## Adjusted Gross Income (AGI)
**Adjusted Gross Income (AGI)** is gross income minus certain above-the-line deductions. Many tax credits, Roth IRA eligibility rules, and Medicare IRMAA thresholds reference AGI or Modified AGI (MAGI).
## Modified Adjusted Gross Income (MAGI)
**MAGI** is AGI with certain items added back (the add-backs differ by program). IRMAA tiers and ACA premium subsidies key off MAGI, which is why Roth conversions—which raise MAGI—can trigger Medicare surcharges or reduce health-insurance subsidies.
## IRMAA
**IRMAA (Income-Related Monthly Adjustment Amount)** is a surcharge on Medicare Part B and D premiums for higher-income households, based on MAGI from two years prior. Crossing a tier threshold by any amount triggers that tier's full surcharge.
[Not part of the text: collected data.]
Lemma admissible_tail a b x0 u x : (0 <= a)%R ->
  admissible X U f (a + b) x0 u x ->
  admissible X U f b (x a) (fun s => u (s + a)%R) (fun s => x (s + a)%R).
Proof.
move=> a0 [uU [um [xX [xAC [xder _]]]]].
have in_shift s : `[0%R, b]%classic s -> `[0%R, (a + b)%R]%classic (s + a)%R.
  by move=> /in_itv0P [s0 sb]; apply/in_itv0P; split; lra.
split; [|split; [|split; [|split; [|split]]]].
- by move=> s /in_shift /uU.
- move=> i; apply: (@measurable_comp _ _ _ _ _ _ `[0%R, (a + b)%R]%classic
    (fun s => u s ord0 i) _ (fun s : R => s + a)%R) => //.
  + by move=> _ [s /in_shift sab <-].
  + exact: measurable_fun_addr.
- by move=> s /in_shift /xX.
- apply: (abs_cont_on_comp (phi := fun s => s + a)%R) xAC => [s t|s t st|s /andP[s0 sb]].
  + by rewrite lerD2r.
  + by rewrite opprD addrACA subrr addr0.
  + by apply/andP; split; lra.
- apply: ae_lebesgue_of_negligible (lebesgue_negligible_shift a xder) => s nP /= P.
  by apply: nP => /in_shift /P; exact: is_derive_shift.
- by rewrite add0r.
Qed.

Lemma ae_is_derive_concat (V : normedModType R) (a b : R) (x1 x2 d1 d2 : R -> V) :
  {ae mu, forall s, `[0%R, a]%classic s -> is_derive s 1%R x1 (d1 s)} ->
  {ae mu, forall s, `[0%R, b]%classic s -> is_derive s 1%R x2 (d2 s)} ->
  {ae mu, forall s, `[0%R, (a + b)%R]%classic s ->
    is_derive s 1%R (concat_at a x1 x2) (concat_at a d1 d2 s)}.
Proof.
move=> x1der x2der.
have N12 := negligibleU (negligibleU x1der (lebesgue_negligible_shift (- a) x2der))
  (lebesgue_negligible_set1 a).
apply: ae_lebesgue_of_negligible N12 => s nP.
have [sa|sa|->] := ltgtP s a; [left; left|left; right|by right] => /= P; apply: nP;
  move=> /in_itv0P[s0 sab]; rewrite /concat_at.
- rewrite (ltW sa); apply: near_eq_is_derive (P _).
    by near=> r; rewrite ifT //; near: r; apply: filterS (lt_nbhsl sa) => r /ltW.
  by apply/in_itv0P; split => //; exact: ltW.
- rewrite leNgt sa /=; apply: near_eq_is_derive (is_derive_shift (P _)).
  + near=> r; rewrite ifF //; near: r.
    by apply: filterS (lt_nbhsr sa) => r; rewrite leNgt => ->.
  + by apply/in_itv0P; split; lra.
Unshelve. all: by end_near.
Qed.

Lemma admissible_concat a b x0 u1 u2 x1 x2 : (0 < a)%R -> (0 <= b)%R ->
  admissible X U f a x0 u1 x1 -> admissible X U f b (x1 a) u2 x2 ->
  admissible X U f (a + b) x0 (concat_at a u1 u2) (concat_at a x1 x2).
Proof.
move=> a0 b0 [u1U [u1m [x1X [x1AC [x1der x10]]]]] [u2U [u2m [x2X [x2AC [x2der x20]]]]].
have split_itv s : `[0%R, (a + b)%R]%classic s ->
    if (s <= a)%R then `[0%R, a]%classic s else `[0%R, b]%classic (s - a)%R.
  move=> /in_itv0P[s0 sab]; case: ifPn => sa; apply/in_itv0P; first by [].
  by rewrite -ltNge in sa; split; lra.
split; [|split; [|split; [|split; [|split]]]].
- by move=> s /split_itv; rewrite /concat_at; case: ifP => _; [exact: u1U|exact: u2U].
- move=> i; rewrite /concat_at.
  have -> : (fun s => (if (s <= a)%R then u1 s else u2 (s - a)%R) ord0 i) =
      (fun s => if (s <= a)%R then u1 s ord0 i else u2 (s - a)%R ord0 i).
    by apply/funext => s; case: ifP.
  apply: measurable_fun_if => //.
  + apply: measurable_realfun.measurable_fun_ler => //; exact: measurable_id.
  + by apply: measurable_funS (u1m i) => // s [/in_itv0P[s0 _] /= sa]; apply/in_itv0P.
  + apply: (@measurable_comp _ _ _ _ _ _ `[0%R, b]%classic
      (fun s => u2 s ord0 i) _ (fun s : R => s - a)%R) => //.
    * move=> _ [s [/in_itv0P[s0 sab]] /= /negbT sa <-]; rewrite -ltNge in sa.
      by apply/in_itv0P; split; lra.
    * exact: measurable_fun_addr.
- by move=> s /split_itv; rewrite /concat_at; case: ifP => _; [exact: x1X|exact: x2X].
- by apply: abs_cont_on_concat => //; exact: ltW.
- apply: ae_lebesgue_of_negligible (ae_is_derive_concat x1der x2der) => s nP /= P.
  by apply: nP => /P; rewrite /concat_at; case: ifP.
- by rewrite /concat_at (ltW a0).
Qed.

End admissible_trajectories.

Section dynamic_programming.
Context {R : realType} {n m : nat} (X : set 'rV[R]_n) (U : set 'rV[R]_m).
Variables (l : 'rV[R]_n -> 'rV[R]_m -> R) (f : 'rV[R]_n -> 'rV[R]_m -> 'rV[R]_n).
Local Notation mu := (@lebesgue_measure R).
Local Notation S := (Sop X U l f).

Lemma Sop0 g x0 : U !=set0 -> X x0 -> S 0%R g x0 = g x0.
Proof.
move=> [u0 Uu0] Xx0.
have int0 (F : R -> \bar R) : \int[mu]_(s in `[0%R, 0%R]) F s = 0.
  by apply: integral_null_set => //; rewrite lebesgue_measure_itv /= lte_fin ltxx.
apply/le_anti/andP; split.
- apply: ge_ereal_sup => _ [[u x] [_ [_ [_ [_ [_ /= ->]]]]] <-].
  by rewrite int0 add0e.
- apply: ereal_sup_ubound; exists (fun=> u0, fun=> x0); last by rewrite int0 add0e.
  split; [|split; [|split; [|split; [|split]]]] => //.
  + exact: abs_cont_on_cst.
  + apply: ae_lebesgue_of_negligible (lebesgue_negligible_set1 0%R) => s nP.
    apply: contrapT => s0; apply: nP => /in_itv0P[s_ge0 s_le0].
    by case: s0; apply/le_anti; rewrite s_ge0 s_le0.
Qed.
## Marginal vs. effective tax rate
Your **marginal tax bracket** is the rate applied to your next dollar of taxable income; your **effective rate** is total tax divided by total income, and is always lower. Roth conversion planning targets filling lower marginal brackets without jumping into the next one.
## Standard deduction
The **standard deduction** is a fixed amount that reduces taxable income, varying by filing status and age. Bracket-filling math starts after the standard deduction, which is why some income each year is effectively taxed at zero.
## Capital gains and qualified dividends
**Long-term capital gains** and **qualified dividends** are taxed at preferential rates (0%, 15%, or 20%) instead of ordinary brackets. Withdrawals from taxable brokerage accounts often realize long-term gains, which is why withdrawal sequencing across account types changes lifetime taxes.
## Account tax types
**Taxable** accounts (brokerage) realize gains when you sell; **tax-deferred** accounts (traditional IRA, 401(k)) tax withdrawals as ordinary income; **tax-free** accounts (Roth) allow qualified withdrawals tax-free. Diversifying across all three creates flexibility in retirement.
## Required Minimum Distribution (RMD)
A **Required Minimum Distribution (RMD)** is the IRS-mandated minimum withdrawal from tax-deferred retirement accounts after the applicable starting age. RMD amounts depend on account balance and IRS life expectancy factors. Large tax-deferred balances can force high-tax RMD years—one motivation for earlier Roth conversions.
## Roth five-year rule
The **five-year rule** governs when Roth money becomes fully accessible: each conversion has its own five-year clock before penalty-free withdrawal under age 59½, and the account itself needs five years for earnings to be qualified. This timing underpins Roth conversion ladders.
## Safe withdrawal rate
A **safe withdrawal rate** is the starting percentage of a portfolio you withdraw in year one (adjusting for inflation after) with a high probability of lasting the full horizon. Research-based tables vary the rate by horizon length and equity allocation.
## Sequence of returns risk
**Sequence of returns risk** is the danger that poor investment returns early in retirement—especially when you are also withdrawing—permanently reduce how long your portfolio can support spending. Monte Carlo simulations in Analyzer model this by randomizing return paths across many trials.
## Guardrails withdrawal strategy
A **guardrails** strategy adjusts retirement spending dynamically: cut withdrawals after the portfolio falls below a lower band, raise them above an upper band. It typically sustains higher average spending than a fixed rule at the cost of income variability.
## Emergency fund
An **emergency fund** is accessible cash covering several months of expenses, held outside investments. Analyzer's liquidity pillar scores roughly six or more months as excellent and under one month as critical.
## Asset allocation and equity weighting
**Asset allocation** is your portfolio's split across stocks, bonds, and cash. **Equity weighting**—the stock percentage—drives both expected return and volatility, and is an input to withdrawal-rate tables and Monte Carlo volatility presets.
Educational content only—not personalized investment, tax, or legal advice.